BEGIN

(* Let $\gamma>1$ and let $(v,\tau,p)$ be a $C^2$ solution with $\tau>0$, $p>0$ of the system $$\partial_t v+v\partial_x v+\tau\partial_x p=0,\qquad \partial_t\tau+v\partial_x\tau-\tau\partial_x v=0,\qquad \partial_t p+v\partial_x p+\gamma p\,\partial_x v=0 .$$ Set $s=\sqrt{\gamma p/\tau}$, $\xi_1=v-\sqrt{\gamma p\tau}$, $\xi_2=v$, $\xi_3=v+\sqrt{\gamma p\tau}$, and $$\mathcal P_1=\partial_x v-\frac{\partial_x p}{s},\qquad \mathcal P_2=s\,\partial_x\tau+\frac{\partial_x p}{s},\qquad \mathcal P_3=\partial_x v+\frac{\partial_x p}{s}.$$ Then $\partial_t\mathcal P_k+\xi_k\partial_x\mathcal P_k=\mathbf F_k(\mathcal P_1,\mathcal P_2,\mathcal P_3)$ for $k=1,2,3$, where $$\mathbf F_1=-\tfrac{\gamma+1}{4}\mathcal P_1^2+\tfrac14\mathcal P_1\mathcal P_2-\tfrac{3-\gamma}{4}\mathcal P_1\mathcal P_3-\tfrac14\mathcal P_2\mathcal P_3,$$ $$\mathbf F_2=-\tfrac{\gamma+1}{4}\mathcal P_2(\mathcal P_1+\mathcal P_3),$$ $$\mathbf F_3=-\tfrac{\gamma+1}{4}\mathcal P_3^2+\tfrac14\mathcal P_1\mathcal P_2-\tfrac{3-\gamma}{4}\mathcal P_1\mathcal P_3-\tfrac14\mathcal P_2\mathcal P_3 .$$ In particular the right-hand sides are quadratic polynomials in $(\mathcal P_1,\mathcal P_2,\mathcal P_3)$ with constant coefficients, independent of $(v,\tau,p)$.
   Context: Here $v$ is velocity, $\tau=1/\rho$ is specific volume and $p$ is pressure of a polytropic gas with adiabatic exponent $\gamma$; the system is the 1D non-isentropic Euler system written in these variables. The $\xi_k$ are the eigenvalues of the system's coefficient matrix and $\mathcal P_k=l^k\cdot\partial_x(v,\tau,p)$ with left eigenvectors $l^1=(1,0,-s^{-1})$, $l^2=(0,s,s^{-1})$, $l^3=(1,0,s^{-1})$. *)

From Stdlib Require Export Reals.
Open Scope R_scope.

Definition open2 (U : R -> R -> Prop) : Prop :=
  forall t x, U t x -> exists r, 0 < r /\
    forall t' x', Rabs (t' - t) < r -> Rabs (x' - x) < r -> U t' x'.

Definition cont_on (U : R -> R -> Prop) (f : R -> R -> R) : Prop :=
  forall t x, U t x -> forall eps, 0 < eps -> exists delta, 0 < delta /\
    forall t' x', Rabs (t' - t) < delta -> Rabs (x' - x) < delta ->
      Rabs (f t' x' - f t x) < eps.

Definition partial_t_on (U : R -> R -> Prop) (f ft : R -> R -> R) : Prop :=
  forall t x, U t x -> derivable_pt_lim (fun s => f s x) t (ft t x).

Definition partial_x_on (U : R -> R -> Prop) (f fx : R -> R -> R) : Prop :=
  forall t x, U t x -> derivable_pt_lim (fun y => f t y) x (fx t x).

Definition C2_on (U : R -> R -> Prop) (f : R -> R -> R) : Prop :=
  exists ft fx ftt ftx fxt fxx : R -> R -> R,
    partial_t_on U f ft /\ partial_x_on U f fx /\
    partial_t_on U ft ftt /\ partial_x_on U ft ftx /\
    partial_t_on U fx fxt /\ partial_x_on U fx fxx /\
    cont_on U f /\ cont_on U ft /\ cont_on U fx /\
    cont_on U ftt /\ cont_on U ftx /\ cont_on U fxt /\ cont_on U fxx.

Definition sfun (gamma tau p : R) : R := sqrt (gamma * p / tau).

Definition xi1 (gamma v tau p : R) : R := v - sqrt (gamma * p * tau).
Definition xi2 (gamma v tau p : R) : R := v.
Definition xi3 (gamma v tau p : R) : R := v + sqrt (gamma * p * tau).

Definition P1 (gamma tau p vx taux px : R) : R := vx - px / sfun gamma tau p.
Definition P2 (gamma tau p vx taux px : R) : R :=
  sfun gamma tau p * taux + px / sfun gamma tau p.
Definition P3 (gamma tau p vx taux px : R) : R := vx + px / sfun gamma tau p.

Definition F1 (gamma a b c : R) : R :=
  - ((gamma + 1) / 4) * a ^ 2 + (1 / 4) * a * b
  - ((3 - gamma) / 4) * a * c - (1 / 4) * b * c.
Definition F2 (gamma a b c : R) : R :=
  - ((gamma + 1) / 4) * b * (a + c).
Definition F3 (gamma a b c : R) : R :=
  - ((gamma + 1) / 4) * c ^ 2 + (1 / 4) * a * b
  - ((3 - gamma) / 4) * a * c - (1 / 4) * b * c.

(* Differentiating P_k along the k-th characteristic produces second
   derivatives of (v, tau, p). The mixed derivatives are removed by exchanging
   the order of differentiation and differentiating the system in x; the second
   x-derivatives that remain cancel because l^k is a left eigenvector for xi_k.
   What is left is a rational expression in s, tau, p and the first
   x-derivatives, and eliminating gamma through s^2 tau = gamma p turns it into
   the stated quadratic form in P_1, P_2, P_3. *)

From Stdlib Require Import Reals Lra.
Open Scope R_scope.

Lemma derivable_pt_lim_eq_deriv f x a b :
  derivable_pt_lim f x a -> a = b -> derivable_pt_lim f x b.
Proof. now intros H <-. Qed.

Lemma derivable_pt_lim_add f g x a b :
  derivable_pt_lim f x a -> derivable_pt_lim g x b ->
  derivable_pt_lim (fun y => f y + g y) x (a + b).
Proof. apply (derivable_pt_lim_plus f g). Qed.

Lemma derivable_pt_lim_sub f g x a b :
  derivable_pt_lim f x a -> derivable_pt_lim g x b ->
  derivable_pt_lim (fun y => f y - g y) x (a - b).
Proof. apply (derivable_pt_lim_minus f g). Qed.

Lemma derivable_pt_lim_mul f g x a b :
  derivable_pt_lim f x a -> derivable_pt_lim g x b ->
  derivable_pt_lim (fun y => f y * g y) x (a * g x + f x * b).
Proof. apply (derivable_pt_lim_mult f g). Qed.

Lemma derivable_pt_lim_neg f x a :
  derivable_pt_lim f x a -> derivable_pt_lim (fun y => - f y) x (- a).
Proof. apply (derivable_pt_lim_opp f). Qed.

Lemma derivable_pt_lim_quot f g x a b :
  derivable_pt_lim f x a -> derivable_pt_lim g x b -> g x <> 0 ->
  derivable_pt_lim (fun y => f y / g y) x ((a * g x - b * f x) / (g x)²).
Proof. apply (derivable_pt_lim_div f g). Qed.

Lemma derivable_pt_lim_sqrt_comp f x a :
  0 < f x -> derivable_pt_lim f x a ->
  derivable_pt_lim (fun y => sqrt (f y)) x (/ (2 * sqrt (f x)) * a).
Proof.
  intros Hf Hd. apply (derivable_pt_lim_comp f sqrt); auto.
  now apply derivable_pt_lim_sqrt.
Qed.

Section OpenSet.
Variable U : R -> R -> Prop.
Hypothesis HU : open2 U.

Lemma derivable_pt_lim_ext_slice_x t x f g l :
  U t x -> (forall y, U t y -> f y = g y) ->
  derivable_pt_lim f x l -> derivable_pt_lim g x l.
Proof.
  intros Ut Hfg. destruct (HU t x Ut) as [r [Hr Hball]].
  apply derivable_pt_lim_locally_ext with (x - r) (x + r); [lra|].
  intros y Hy. apply Hfg, Hball; rewrite ?Rminus_diag, ?Rabs_R0; [lra|].
  apply Rabs_def1; lra.
Qed.

Lemma derivable_pt_lim_ext_slice_t t x f g l :
  U t x -> (forall s, U s x -> f s = g s) ->
  derivable_pt_lim f t l -> derivable_pt_lim g t l.
Proof.
  intros Ut Hfg. destruct (HU t x Ut) as [r [Hr Hball]].
  apply derivable_pt_lim_locally_ext with (t - r) (t + r); [lra|].
  intros s Hs. apply Hfg, Hball; rewrite ?Rminus_diag, ?Rabs_R0; [|lra].
  apply Rabs_def1; lra.
Qed.

Lemma partial_t_on_unique f ft ft' t x :
  partial_t_on U f ft -> partial_t_on U f ft' -> U t x -> ft t x = ft' t x.
Proof. intros H H' Ut. exact (uniqueness_limite _ _ _ _ (H t x Ut) (H' t x Ut)). Qed.

Lemma partial_x_on_unique f fx fx' t x :
  partial_x_on U f fx -> partial_x_on U f fx' -> U t x -> fx t x = fx' t x.
Proof. intros H H' Ut. exact (uniqueness_limite _ _ _ _ (H t x Ut) (H' t x Ut)). Qed.

End OpenSet.

(** * Symmetry of mixed partial derivatives *)

Section Schwarz.
Variables (U : R -> R -> Prop) (f ft fx ftx fxt : R -> R -> R).
Hypotheses (Hft : partial_t_on U f ft) (Hfx : partial_x_on U f fx)
  (Hftx : partial_x_on U ft ftx) (Hfxt : partial_t_on U fx fxt).

(* Both mixed partials compute the double difference
   f(t+h,x+h) - f(t+h,x) - f(t,x+h) + f(t,x) divided by h^2, by the mean value
   theorem applied in either order. *)
Lemma mixed_partials_mean_value t x h :
  0 < h -> (forall s y, t <= s <= t + h -> x <= y <= x + h -> U s y) ->
  exists s1 y1 s2 y2,
    t < s1 < t + h /\ x < y1 < x + h /\ t < s2 < t + h /\ x < y2 < x + h /\
    ftx s1 y1 = fxt s2 y2.
Proof.
  intros Hh InU.
  destruct (MVT_cor2 (fun s => f s (x + h) - f s x) (fun s => ft s (x + h) - ft s x)
              t (t + h)) as [s1 [E1 Hs1]]; [lra| |].
  { intros c Hc. apply (derivable_pt_lim_minus (fun s => f s (x + h)) (fun s => f s x));
      apply Hft, InU; lra. }
  destruct (MVT_cor2 (ft s1) (ftx s1) x (x + h)) as [y1 [E2 Hy1]]; [lra| |].
  { intros c Hc. apply Hftx, InU; lra. }
  destruct (MVT_cor2 (fun y => f (t + h) y - f t y) (fun y => fx (t + h) y - fx t y)
              x (x + h)) as [y2 [E3 Hy2]]; [lra| |].
  { intros c Hc. apply (derivable_pt_lim_minus (f (t + h)) (f t));
      apply Hfx, InU; lra. }
  destruct (MVT_cor2 (fun s => fx s y2) (fun s => fxt s y2) t (t + h))
    as [s2 [E4 Hs2]]; [lra| |].
  { intros c Hc. apply Hfxt, InU; lra. }
  exists s1, y1, s2, y2. repeat split; try lra.
  replace (t + h - t) with h in * by ring. replace (x + h - x) with h in * by ring.
  apply Rmult_eq_reg_r with (h * h); [|nra].
  cbv beta in *. rewrite E2 in E1. rewrite E4 in E3. lra.
Qed.

Lemma mixed_partials_eq t x :
  open2 U -> cont_on U ftx -> cont_on U fxt -> U t x -> ftx t x = fxt t x.
Proof.
  intros HU Cftx Cfxt Ut.
  destruct (HU t x Ut) as [r [Hr Hball]].
  assert (close : forall eps, 0 < eps ->
            ftx t x - fxt t x < eps /\ fxt t x - ftx t x < eps).
  { intros eps Heps.
    destruct (Cftx t x Ut (eps / 2)) as [d1 [Hd1 K1]]; [lra|].
    destruct (Cfxt t x Ut (eps / 2)) as [d2 [Hd2 K2]]; [lra|].
    set (h := Rmin r (Rmin d1 d2) / 2).
    assert (Hm : 0 < Rmin r (Rmin d1 d2)) by (repeat apply Rmin_pos; auto).
    pose proof (Rmin_l r (Rmin d1 d2)). pose proof (Rmin_r r (Rmin d1 d2)).
    pose proof (Rmin_l d1 d2). pose proof (Rmin_r d1 d2).
    destruct (mixed_partials_mean_value t x h) as (s1 & y1 & s2 & y2 & ? & ? & ? & ? & E);
      [unfold h; lra| |].
    { intros s y Hs Hy. apply Hball; rewrite Rabs_right; unfold h in *; lra. }
    assert (A1 : Rabs (ftx s1 y1 - ftx t x) < eps / 2)
      by (apply K1; rewrite Rabs_right; unfold h in *; lra).
    assert (A2 : Rabs (fxt s2 y2 - fxt t x) < eps / 2)
      by (apply K2; rewrite Rabs_right; unfold h in *; lra).
    rewrite E in A1. apply Rabs_def2 in A1. apply Rabs_def2 in A2. lra. }
  apply Rle_antisym; apply Rle_plus_epsilon; intros eps Heps;
    destruct (close eps Heps); lra.
Qed.

End Schwarz.

Section C2.
Variables (U : R -> R -> Prop) (f ft fx : R -> R -> R).
Hypotheses (HU : open2 U) (Hf : C2_on U f)
  (Hft : partial_t_on U f ft) (Hfx : partial_x_on U f fx).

END

*Exercise prompt*: Give the count of lines in the listing where the word "Require" occurs, with no further words.

*Result below*: 2